A case specific method of analysis is key in examining straits.

Case Specificity

Straits can be subject to their own treaty usually between the relevant littoral states with additional provisions clarifying the scope of the treaty’s application. For instance, the 1936 Montreux Convention which predates UNCLOS regulates transit through the Straits of the Dardanelles, the Sea of Marmara and the Bosporus. The treaty using “the general term “straits,”[3] limited its scope to its signatories.  

The 1985 Torres Strait Treaty which postdates UNCLOS regulates transit through the 150km wide strait situated in the Coral Sea between Southern Papua New Guinea and North Eastern Australia.[4] Australia and Papua New Guinea in negotiating the treaty were keen to clarify the sovereignty of the islands in the strait area and delineate their respective maritime boundaries.This treaty uniquely established a protected zone to “acknowledge and protect the traditional way of life and livelihood of the traditional inhabitants including their traditional fishing and free movement.”

However, where global trade is involved, disruptions to traffic through a strait can have consequences that transcend the littoral states’ interests and impact a wider group of stakeholders.  

A “Strait-Plus” Approach?

As the matter of legal status and sovereign limits is provided in UNCLOS, there is some purchase to a management approach that includes relevant players such as flag states, non-state actors such as stakeholders and the shipping industry in agreeing mechanisms towards effective and safe transit passage. This approach lends itself to better co-operation and can move with the times to address emerging issues in the realm of maritime security and the protection and preservation of the marine environment. 

This approach was applied to the strategically important straits of Malacca and Singapore where a quarter of the world’s commerce and half the world’s oil traverse.[5] The littoral states bordering the straits (Indonesia, Malaysia and Singapore) agreed a Cooperative Mechanism in accordance with Article 43 of UNCLOS to cooperate in the “establishment and maintenance of necessary navigational and safety aids and for the prevention, reduction and control of pollution from ships.”[6]

Debate over transit passage rights is for naught when traversing a strait is unsafe or detrimental to the marine environment.
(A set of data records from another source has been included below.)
Lemma mixed_obedience_margin :
  ((1 - δ)%:E * \int[nu]_w (m w * p w * (u s w a - u s w a'))%:E
   - \int[nu]_w (`|m w - m' w|)%:E
   + (δ * D)%:E * \int[nu]_(w in Wset u s a D) (m w)%:E
  <= \int[nu]_w (m' w * ((1 - δ) * p w + δ * best_response u s w a)
                   * (u s w a - u s w a'))%:E)%E.
Proof.
have [m_ge0 m_meas _] := dm.
set W := Wset u s a D.
have W_meas : measurable W by exact: Wset_measurable.
have gain_meas : measurable_fun setT (fun w => u s w a - u s w a').
  exact: measurable_funB.
have mix_meas : measurable_fun setT
    (fun w => (1 - δ) * p w + δ * best_response u s w a).
  by apply: measurable_funD; apply: measurable_funM => //;
    exact: best_response_measurable.
have int_prior := density_weighted_integrable dm p_meas gain_meas p01
  (fun w => utility_gain_bound s w a a').
have int_mixed := density_weighted_integrable dm' mix_meas gain_meas
  mixed_bounds (fun w => utility_gain_bound s w a a').
have int_l1 := l1_integrable dm dm'.
have int_W : nu.-integrable setT ((EFin \o m) \_ W).
  apply: (integrable_mkcond _ W_meas).1.
  exact: integrableS measurableT W_meas (@subsetT _ W) (density_integrable dm).
have int_scaled : nu.-integrable setT
    (EFin \o (fun w => (1 - δ) * (m w * p w * (u s w a - u s w a')))).
  by apply: eq_integrable (integrableZl measurableT (1 - δ) int_prior).
pose h w := ((((1 - δ) * (m w * p w * (u s w a - u s w a')))%:E
              - (`|m w - m' w|)%:E) + (δ * D)%:E * ((EFin \o m) \_ W) w)%E.
have int_h : nu.-integrable setT h.
  apply: (integrableD measurableT (integrableB measurableT int_scaled int_l1)).
  exact: integrableZl.
rewrite [X in (X <= _)%E](_ : _ = \int[nu]_w h w)%E; last first.
  rewrite (integralD measurableT (integrableB measurableT int_scaled int_l1));
    last exact: integrableZl.
  rewrite (integralB_EFin measurableT int_scaled int_l1).
  rewrite (integralZl measurableT int_W) -integral_mkcond.
  congr (_ - _ + _)%E.
  rewrite -(integralZl measurableT int_prior).
  by apply: eq_integral => w _; rewrite EFinM.
apply: (le_integral measurableT int_h int_mixed) => w _; rewrite /h.
have slack t := mixed_slack_bound (m' w) t (m_ge0 w) (p01 w)
  (best_response_bounds u s w a) (utility_gain_bound s w a a') δ01.
have [Ww|nWw] := pselect (W w).
- rewrite patchE mem_set //= -EFinM -EFinD lee_fin.
  exact: slack _ (best_response_gain u D0 neq_aa' Ww).
- rewrite patchE memNset //= mule0 adde0 lee_fin.
  have := slack 0 (best_response_obedient u s w a a').
  by rewrite mulr0 mul0r addr0.
Qed.

Lemma mixed_obedience_robust (eps p0 : R) :
  (0 <= \int[nu]_w (m w * p w * (u s w a - u s w a'))%:E)%E ->
  (l1dist nu m m' <= eps%:E)%E ->
  (p0%:E <= \int[nu]_(w in Wset u s a D) (m w)%:E)%E ->
  eps <= δ * D * p0 ->
  (0 <= \int[nu]_w (m' w * ((1 - δ) * p w + δ * best_response u s w a)
                     * (u s w a - u s w a'))%:E)%E.
Proof.
move=> obedient close regular eps_le; apply: le_trans mixed_obedience_margin.
have [δ0 δ1] := andP δ01.
have obedience_part : (0 <= (1 - δ)%:E *
    \int[nu]_w (m w * p w * (u s w a - u s w a'))%:E)%E.
  by apply: mule_ge0 => //; rewrite lee_fin subr_ge0.
have distance_part : (- eps%:E <= - \int[nu]_w (`|m w - m' w|)%:E)%E.
  by rewrite leeN2.
have mass_part : (eps%:E <= (δ * D)%:E *
    \int[nu]_(w in Wset u s a D) (m w)%:E)%E.
  apply: (@le_trans _ _ ((δ * D)%:E * p0%:E)%E); first by rewrite -EFinM lee_fin.
  by apply: lee_wpmul2l => //; rewrite lee_fin mulr_ge0 // ltW.
apply: le_trans (leeD (leeD obedience_part distance_part) mass_part).
by rewrite add0e -EFinN -EFinD addNr.
Qed.

End RobustObedience.

Lemma mixed_payoff_bound {R : realFieldType} {I : finType} (p r q : I -> R)
    (H δ : R) :
  (forall i, 0 <= p i) -> \sum_i p i = 1 -> (forall i, 0 <= r i) ->
  (forall i, 0 <= q i <= H) -> 0 <= δ <= 1 ->
  \sum_i p i * q i <= \sum_i ((1 - δ) * p i + δ * r i) * q i + δ * H.
Proof.
move=> p_ge0 p_sum1 r_ge0 q0H /andP[δ0 δ1].
have -> : \sum_i ((1 - δ) * p i + δ * r i) * q i =
    (1 - δ) * \sum_i p i * q i + δ * \sum_i r i * q i.
  by rewrite !mulr_sumr -big_split /=; apply: eq_bigr => i _; ring.
have pq_le : \sum_i p i * q i <= H.
  rewrite -[H]mul1r -p_sum1 mulr_suml; apply: ler_sum => i _.
  by apply: ler_wpM2l => //; case/andP: (q0H i).
have rq_ge0 : 0 <= \sum_i r i * q i.
  by apply: sumr_ge0 => i _; apply: mulr_ge0 => //; case/andP: (q0H i).
nra.
Qed.

Section ValueLoss.
Context {R : realType} {d : measure_display} {Omega : measurableType d}
  (nu : {measure set Omega -> \bar R}) {S : Type} {A : finType}.

Lemma value_mixing_loss (Q pi pi' rho : S -> Omega -> A -> R) (H δ : R)
    (s : S) (m : Omega -> R) :
  is_density nu m -> (forall w a, 0 <= Q s w a <= H) ->
  (forall a, measurable_fun setT (fun w => Q s w a)) ->
  (forall w a, 0 <= pi s w a) -> (forall w, \sum_a pi s w a = 1) ->
  (forall a, measurable_fun setT (fun w => pi s w a)) ->
  (forall w a, 0 <= rho s w a) ->
  (forall a, measurable_fun setT (fun w => pi' s w a)) ->
  0 <= δ <= 1 -> (forall w a, pi' s w a = (1 - δ) * pi s w a + δ * rho s w a) ->
  (value nu Q m pi s <= value nu Q m pi' s + (δ * H)%:E)%E.
Proof.
move=> [m_ge0 m_meas m_int1] Q0H Q_meas pi_ge0 pi_sum1 pi_meas rho_ge0 pi'_meas
  δ01 pi'_eq.
have [δ0 δ1] := andP δ01.
have H0 : 0 <= H.
  have [a _|no_action] := pickP (@predT A).
    by case/andP: (Q0H point a); exact: le_trans.
  by have := pi_sum1 point; rewrite big_pred0 // => /eqP; rewrite eq_sym oner_eq0.
have pi'_ge0 w a : 0 <= pi' s w a.
  by rewrite pi'_eq addr_ge0 // mulr_ge0 // subr_ge0.
have payoff_ge0 (sigma : S -> Omega -> A -> R) w :
    (forall a, 0 <= sigma s w a) -> 0 <= m w * \sum_a sigma s w a * Q s w a.
  move=> sigma_ge0; apply: mulr_ge0 => //; apply: sumr_ge0 => a _.
  by apply: mulr_ge0 => //; case/andP: (Q0H w a).
have payoff_meas (sigma : S -> Omega -> A -> R) :
    (forall a, measurable_fun setT (fun w => sigma s w a)) ->
    measurable_fun setT (fun w => (m w * \sum_a sigma s w a * Q s w a)%:E).
  move=> sigma_meas; apply/measurable_EFinP; apply: measurable_funM => //.
  by apply: measurable_sum => a; apply: measurable_funM.
rewrite /value; apply: (@le_trans _ _ (\int[nu]_w
    ((m w * \sum_a pi' s w a * Q s w a)%:E + (δ * H)%:E * (m w)%:E))%E).
  apply: ge0_le_integral => //.
  - by move=> w _; rewrite lee_fin payoff_ge0.
  - exact: payoff_meas.
  - apply: emeasurable_funD; first exact: payoff_meas.
    by apply: measurable_funeM; exact/measurable_EFinP.
  - move=> w _; rewrite -EFinM -EFinD lee_fin.
    have bound : \sum_a pi s w a * Q s w a
        <= \sum_a pi' s w a * Q s w a + δ * H.
      under [X in _ <= X + _]eq_bigr => a _ do rewrite pi'_eq.
      exact: mixed_payoff_bound.
    by rewrite [X in _ <= _ + X]mulrC -mulrDr ler_wpM2l.
rewrite ge0_integralD //.
- rewrite ge0_integralZl //.
  + by rewrite m_int1 mule1.
  + exact/measurable_EFinP.
  + by move=> w _; rewrite lee_fin.
  + by rewrite lee_fin mulr_ge0.
- by move=> w _; rewrite lee_fin payoff_ge0.
- exact: payoff_meas.
- by move=> w _; rewrite -EFinM lee_fin mulr_ge0 // mulr_ge0.
- by apply: measurable_funeM; exact/measurable_EFinP.
Qed.

End ValueLoss.

Section MixedScheme.
Context {R : realType} {d : measure_display} {Omega : measurableType d}
  (nu : {measure set Omega -> \bar R}) {S : Type} {A : finType}
  (u : S -> Omega -> A -> R).
Hypothesis u01 : forall s w a, 0 <= u s w a <= 1.
Hypothesis u_meas : forall s a, measurable_fun setT (fun w => u s w a).

Definition mixed_scheme (pi : S -> Omega -> A -> R) (s : S) (δ : R)
    : S -> Omega -> A -> R :=
  fun s' w a => if `[< s' = s >]
    then (1 - δ) * pi s' w a + δ * best_response u s' w a
    else best_response u s' w a.

Variables (pi : S -> Omega -> A -> R) (s : S) (δ : R).
Hypotheses (pi_scheme : signaling_scheme pi) (δ01 : 0 <= δ <= 1).

Lemma mixed_scheme_signaling : signaling_scheme (mixed_scheme pi s δ).
Proof.
have [a0] := scheme_inhabited s pi_scheme.
have [δ0 δ1] := andP δ01.
split=> [s' w|s' a].
  rewrite /mixed_scheme; case: asboolP => _; split; last 1 first.
  - exact: best_response_sum.
  - move=> a; have := scheme_bounds s' w a pi_scheme.
    have := best_response_bounds u s' w a; move=> /andP[? _] /andP[? _].
    by rewrite addr_ge0 // mulr_ge0 // subr_ge0.
  - rewrite big_split /= -!mulr_sumr (best_response_sum u s' w a0).
    by rewrite (pi_scheme.1 s' w).2; ring.
  - by move=> a; case/andP: (best_response_bounds u s' w a).
rewrite /mixed_scheme; case: asboolP => _; last exact: best_response_measurable.
apply: measurable_funD; apply: measurable_funM => //;
  [exact: pi_scheme.2 | exact: best_response_measurable].
Qed.

Lemma mixed_scheme_robust (mu : Omega -> R) (eps p0 D : R) :
  Pers nu mu u pi -> is_density nu mu -> regular nu u s mu p0 D -> 0 < D ->
  δ = 1 \/ eps <= δ * D * p0 ->
  PersB nu (l1ball nu mu eps) u (mixed_scheme pi s δ).
Proof.
move=> [_ obedient] dmu reg D0 δ_choice.
split; first exact: mixed_scheme_signaling.
move=> mu' [dmu' close]; split; first exact: mixed_scheme_signaling.
move=> s' a a'; have [<-|neq_aa'] := eqVneq a a'.
  by apply: integral_ge0 => w _; rewrite subrr mulr0.
have pointwise_obedient (f : Omega -> R) :
    (forall w, 0 <= f w * (u s' w a - u s' w a')) ->
    (0 <= \int[nu]_w (mu' w * f w * (u s' w a - u s' w a'))%:E)%E.
  move=> f_ok; apply: integral_ge0 => w _; rewrite lee_fin -mulrA.
  by apply: mulr_ge0 => //; case: dmu' => + _ _; apply.
rewrite /mixed_scheme; have [eq_s|neq_s] := pselect (s' = s); last first.
  rewrite asboolF //; apply: pointwise_obedient => w.
  exact: best_response_obedient.
rewrite asboolT //; subst s'.
case: δ_choice => [δ_eq1|eps_le].
  apply: pointwise_obedient => w; rewrite δ_eq1 subrr mul0r add0r mul1r.
  exact: best_response_obedient.
apply: (@mixed_obedience_robust _ _ _ nu _ _ u u01 u_meas s a a' D δ mu mu'
  (fun w => pi s w a)) => //.
- by move=> w; apply: scheme_bounds.
- exact: pi_scheme.2.
- by apply: le_trans close _; rewrite lee_fin.
Qed.

Lemma mixed_scheme_value (Q : S -> Omega -> A -> R) (H : R) (mu : Omega -> R) :
  is_density nu mu -> (forall w a, 0 <= Q s w a <= H) ->
  (forall a, measurable_fun setT (fun w => Q s w a)) ->
  (value nu Q mu pi s <= value nu Q mu (mixed_scheme pi s δ) s + (δ * H)%:E)%E.
Proof.
move=> dmu Q0H Q_meas.
apply: (value_mixing_loss nu Q pi _ (best_response u)) => //.
- by move=> w a; case/andP: (scheme_bounds s w a pi_scheme).
- exact: (fun w => (pi_scheme.1 s w).2).
- exact: pi_scheme.2.
- by move=> w a; case/andP: (best_response_bounds u s w a).
- exact: mixed_scheme_signaling.2.
- by move=> w a; rewrite /mixed_scheme asboolT.
Qed.

End MixedScheme.

Theorem mainTheorem7 (R : realType) (d : measure_display) (Omega : measurableType d)
  (nu : {measure set Omega -> \bar R}) (S : Type) (A : finType)
  (u Q : S -> Omega -> A -> R) (H p0 D : R) (s : S) (mu : Omega -> R) :
  (forall s' w a, 0 <= u s' w a <= 1) ->
  (forall s' w a, 0 <= Q s' w a <= H) ->
  (forall s' a, measurable_fun setT (fun w => u s' w a)) ->
  (forall s' a, measurable_fun setT (fun w => Q s' w a)) ->
  0 < p0 -> 0 < D ->
  is_density nu mu ->
  regular nu u s mu p0 D ->
  forall eps : R, 0 < eps ->
  (Gap nu u Q s mu (l1ball nu mu eps) <= (H * eps / (p0 * D))%:E)%E.
Proof.
move=> u01 Q0H u_meas Q_meas p0_gt0 D_gt0 dmu reg eps eps_gt0.
pose δ := Num.min (eps / (p0 * D)) 1.
have δ01 : 0 <= δ <= 1.
  by rewrite ge_min lexx orbT le_min ler01 andbT divr_ge0 ?mulr_ge0 ?ltW.
have δ_choice : δ = 1 \/ eps <= δ * D * p0.
  have [small|large] := leP (eps / (p0 * D)) 1; last by left; rewrite /δ min_r // ltW.
  right; rewrite /δ min_l // -mulrA [D * p0]mulrC divfK //.
  by rewrite mulf_neq0 // gt_eqF.
rewrite /Gap lee_subel_addr //; apply: ge_ereal_sup => _ [pi pers <-].
have [a0] := scheme_inhabited s pers.1.
have H_ge0 : 0 <= H by case/andP: (Q0H s point a0); exact: le_trans.
have loss : δ * H <= H * eps / (p0 * D).
  by rewrite mulrC -mulrA ler_wpM2l // ge_min lexx.
apply: le_trans
  (mixed_scheme_value nu u u_meas pi s δ pers.1 δ01 Q H mu dmu (Q0H s) (Q_meas s)) _.
rewrite addeC; apply: leeD; first by rewrite lee_fin.
apply: ereal_sup_ubound; exists (mixed_scheme u pi s δ) => //.
exact: (mixed_scheme_robust nu u u01 u_meas pi s δ pers.1 δ01 mu eps p0 D
  pers dmu reg D_gt0 δ_choice).
Qed.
Finally, it is possible to seek meaning and grounding yet be open to interaction and debate. Here, the progressive development of the law of the sea could evolve beyond definitions. The challenge becomes establishing and incorporating into future agreements the sharing of the financial burden of management between relevant states and non-state actors towards safe and beneficial transit. 


[1] Corfu Channel Case, (United Kingdom/ Albania) Judgement, I.C.J. Reports 1949.p. 4. Indeed, the Court held that passage of warships in peace time is not subject to prior authorisation.
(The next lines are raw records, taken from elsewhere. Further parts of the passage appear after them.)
Lemma count_upto_ge_increasing A (g : nat -> nat) W :
  (forall w, (w < S W)%nat -> A (g w)) -> (forall w, (g w < g (S w))%nat) ->
  (S W <= count_upto A (g W))%nat.
Proof.
  intros HA Hg. induction W.
  - pose proof (HA O ltac:(lia)). destruct (g O); simpl;
      destruct (excluded_middle_informative _); try contradiction; lia.
  - assert (IH : (S W <= count_upto A (g W))%nat) by (apply IHW; intros; apply HA; lia).
    assert (Hlast : (count_upto A (g W) + 1 <= count_upto A (g (S W)))%nat).
    { pose proof (Hg W). pose proof (HA (S W) ltac:(lia)) as HAS.
      destruct (g (S W)) as [|b]; [lia|]. simpl.
      destruct (excluded_middle_informative (A (S b))); [|contradiction].
      pose proof (count_upto_mono A (g W) b ltac:(lia)). lia. }
    lia.
Qed.

Lemma orbit_error_bound_small K : exists I, forall i, (I <= i)%nat ->
  2 * 2 ^ (i / 2) / 2 ^ i + 2 / 2 ^ i <= 4 / 2 ^ K.
Proof.
  exists (2 * K)%nat. intros i Hi.
  pose proof (Nat.div_mod_eq i 2). pose proof (Nat.mod_upper_bound i 2).
  assert (K <= i - i / 2)%nat by lia.
  assert (0 < 2 ^ (i / 2)) by (apply pow_lt; lra).
  assert (E : 2 ^ i = 2 ^ (i / 2) * 2 ^ (i - i / 2)) by (rewrite <- pow_add; f_equal; lia).
  assert (2 ^ K <= 2 ^ (i - i / 2)) by (apply Rle_pow; [lra|lia]).
  assert (2 ^ K <= 2 ^ i) by (apply Rle_pow; [lra|lia]).
  assert (0 < 2 ^ K) by (apply pow_lt; lra).
  replace (2 * 2 ^ (i / 2) / 2 ^ i) with (2 / 2 ^ (i - i / 2)) by (rewrite E; field; split; lra).
  unfold Rdiv.
  assert (/ 2 ^ (i - i / 2) <= / 2 ^ K) by (apply Rinv_le_contravar; lra).
  assert (/ 2 ^ i <= / 2 ^ K) by (apply Rinv_le_contravar; lra). lra.
Qed.

Lemma in_ball_of_common_approx (U : seqR -> Prop) z Lz v y eps :
  infinite_sum (fun k => z k ^ 2) Lz -> 0 < eps ->
  (forall w, in_l2 w -> l2dist_lt z w eps -> U w) ->
  (forall M, psum (fun k => (z k - y k) ^ 2) M <= eps ^ 2 / 8) ->
  (forall M, psum (fun k => (v k - y k) ^ 2) M <= eps ^ 2 / 8) -> U v.
Proof.
  intros HLz Heps Hball Hzy Hvy. set (dl := eps ^ 2 / 8) in *.
  assert (Hdl : 0 < dl) by (unfold dl; apply Rdiv_lt_0_compat; [apply pow_lt|]; lra).
  assert (Hz : forall M, psum (fun k => z k ^ 2) M <= Lz)
    by (intros; apply psum_le_infinite_sum; auto; intros; apply pow2_ge_0).
  apply Hball.
  - destruct (infinite_sum_of_bounded_psum (fun k => v k ^ 2) (2 * dl + 4 * Lz + 4 * dl)) as [l [Hl _]].
    + intros; apply pow2_ge_0.
    + intro M. eapply Rle_trans.
      { apply (psum_le _ (fun k => 2 * (v k - y k) ^ 2 + 4 * z k ^ 2 + 4 * (z k - y k) ^ 2)).
        intros k _. pose proof (sq_sub_le (v k) (y k) 0). pose proof (sq_sub_le 0 (z k) (y k)).
        replace ((0 - z k) ^ 2) with (z k ^ 2) in H0 by ring.
        replace ((y k - 0) ^ 2) with ((0 - y k) ^ 2) in H by ring.
        replace (v k - 0) with (v k) in H by ring. lra. }
      rewrite !psum_add, !psum_scal. specialize (Hvy M). specialize (Hz M). specialize (Hzy M). lra.
    + exists l; auto.
  - destruct (infinite_sum_of_bounded_psum (fun k => (z k - v k) ^ 2) (4 * dl)) as [l [Hl Hl2]].
    + intros; apply pow2_ge_0.
    + intro M. eapply Rle_trans.
      { apply (psum_le _ (fun k => 2 * (z k - y k) ^ 2 + 2 * (v k - y k) ^ 2)).
        intros k _. pose proof (sq_sub_le (z k) (y k) (v k)).
        replace ((y k - v k) ^ 2) with ((v k - y k) ^ 2) in H by ring. lra. }
      rewrite psum_add, !psum_scal. specialize (Hvy M). specialize (Hzy M). lra.
    + exists l. split; auto. apply sqrt_lt_of_lt_sq; auto. unfold dl in Hl2.
      assert (0 < eps ^ 2) by (apply pow_lt; lra). lra.
Qed.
[2] Article 19(2) of UNCLOS. 

[3] https://treaties.un.org/doc/Publication/UNTS/LON/Volume%20173/v173.pdf  No. 4015. The official text in French notes likewise “…compris sous la denomination générale de < Détriots >…”

[4] See the International Hydrographic Organisation (IHO) Draft 4th Edition of the Limits of Oceans and Seas. https://www.iho.int/mtg_docs/com_wg/S-23WG/S-23WG_Misc/Draft_2002/Draft_2002.htm. The author cites this working copy document because the previous edition does not specifically define the limits of the Torres strait.  See further:

·       Stuart B Kaye. (1997). “The Torres Strait”. In International Straits of the World, Dordrecht: Martinus Nijhoff.  

·       K.W. Ryan & M.W.D. White (1981) “The Torres Strait Treaty,” Australian Yearbook of International Law, 7:87 et al. 

[5] UNCTAD Part II: An Overview of the International Legal Framework and of Multilateral Cooperation to Combat Piracy. Studies in Transport Law and Policy – 2014 No. 2 https://unctad.org/en/PublicationsLibrary/dtltlb2013d3_en.pdf

[6] See further:

Ho, Joshua H. (2009) 'Enhancing Safety, Security, and Environmental Protection of the Straits of Malacca and Singapore: The Cooperative Mechanism’, Ocean Development & International Law,40:2,233 — 247. 

Beckman, R., & Sun, Z. (2017). "The Cooperative Mechanism for the Straits of Malacca and Singapore". In The Cooperative Mechanism for the Straits of Malacca and Singapore. Leiden, The Netherlands: Martinus Nijhoff.